Table of Contents
This post is about reviewing Pull Requests (PRs) on a software engineering team, often submitted in a source code system like Github. It’s meant to be a concise guide.
Goals of a PR Review
- Catch issues in the code that the submitter may have missed
- Offer advice in making the code submission better
- Complete any team-specific PR review required steps
For many PRs, you don’t need to be an expert in the stack or programming language that is used in the PR.
The time it takes to review a PR is directly related to how long the PR took to create and how many changes it includes. You should expect to spend more time reviewing a large PR than a small PR.

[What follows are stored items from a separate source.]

Lemma summableZR_scal c f : summableZR f -> summableZR (fun k => c * f k).
Proof.
  intros Hf. eapply ex_series_ext; [|apply (ex_series_scal_l c _ Hf)].
  intros n; unfold sumZR_term, scal; simpl; unfold mult; simpl; ring.
Qed.

Lemma sumZR_scal c f : sumZR (fun k => c * f k) = c * sumZR f.
Proof.
  rewrite !sumZR_unfold, (Series_ext _ (fun n => c * sumZR_term f n)), Series_scal_l.
  - ring.
  - intros n; unfold sumZR_term; ring.
Qed.

Lemma sumZR_minus f g : summableZR f -> summableZR g ->
  sumZR (fun k => f k - g k) = sumZR f - sumZR g.
Proof.
  intros Hf Hg. rewrite !sumZR_unfold.
  rewrite (Series_ext _ (fun n => sumZR_term f n - sumZR_term g n)), Series_minus; auto.
  - ring.
  - intros n; unfold sumZR_term; ring.
Qed.

Lemma sumZR_term_abs_le f g n : (forall k, Rabs (f k) <= g k) ->
  Rabs (sumZR_term f n) <= sumZR_term g n.
Proof.
  intros H. unfold sumZR_term. eapply Rle_trans; [apply Rabs_triang|].
  apply Rplus_le_compat; apply H.
Qed.

Lemma ex_series_abs_sumZR_term f g : (forall k, Rabs (f k) <= g k) -> summableZR g ->
  ex_series (fun n => Rabs (sumZR_term f n)).
Proof.
  intros H Hg. apply (@ex_series_le R_AbsRing R_CompleteNormedModule _ (sumZR_term g)); auto.
  intros n. unfold norm; simpl; unfold abs; simpl.
  rewrite Rabs_Rabsolu. apply sumZR_term_abs_le; auto.
Qed.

Required Steps When Reviewing
The steps below apply to PRs with changes to code. If it’s a non-code PR (e.g. a wiki update), the reviewer should just check for typos and that the changes make sense to them.
- Confirm that the PR description contains at least 1-2 items describing the changes being made and the reason for those changes.
- If there aren’t automated tests, confirm that the PR description contains at least 1-2 items describing how the changes were tested.
- Check each changed file for potential bugs that the submitter may have missed.
- Check to see if _the code is readable_.
- Check for typos in the comments and readmes.
- If you’re not proficient with the programming language or framework used, make a note of that in your review.
- For example, “I'm a beginner when it comes to JavaScript. This PR looks good to me, but if you have any doubts about your code or would like a more in-depth review, please consider requesting a second review in ___ channel.”
- You don't have to be an expert in the system which the PR is changing, but you should have a basic understanding of what's going on. If you have absolutely no clue, it's best to either loop in someone who does, suggest that the submitter bump their request for a review, or ask for a review in another channel.
Recommended Steps When Reviewing
- If there are any parts that are particularly difficult to understand, consider suggesting that the submitter refactor or add a comment.
Example
🎉 Lgtm!
My gitlab CI configuration experience level: beginner.
I did not see any obvious errors, everything looks readable and elegant.
If at all possible, try to make future PRs smaller. If not possible, please note that in the PR description.
- If many files are being renamed, I suggest making a separate PR just for the renaming.
- There were also formatting/lint updates in this PR. In the future, I suggest a separate PR or including automatic changes like that in a separate renaming PR.
ci/scripts/pipelines.py
- Is it possible to move the configuration constants (e.g. ROLE_PREFIX) to a config file or AWS systems manager? If yes, no need to change this PR, but please consider for a future PR.
It looks like there are some major changes to the gitlab pipeline in this PR. I reviewed the testing methodology, and it looks pretty good, but due to the size of this PR, please take a second look at the tests you did to make sure these changes wont break anything before merging the PR.
Great work 🔥. Thank you for making these gitlab CI improvements!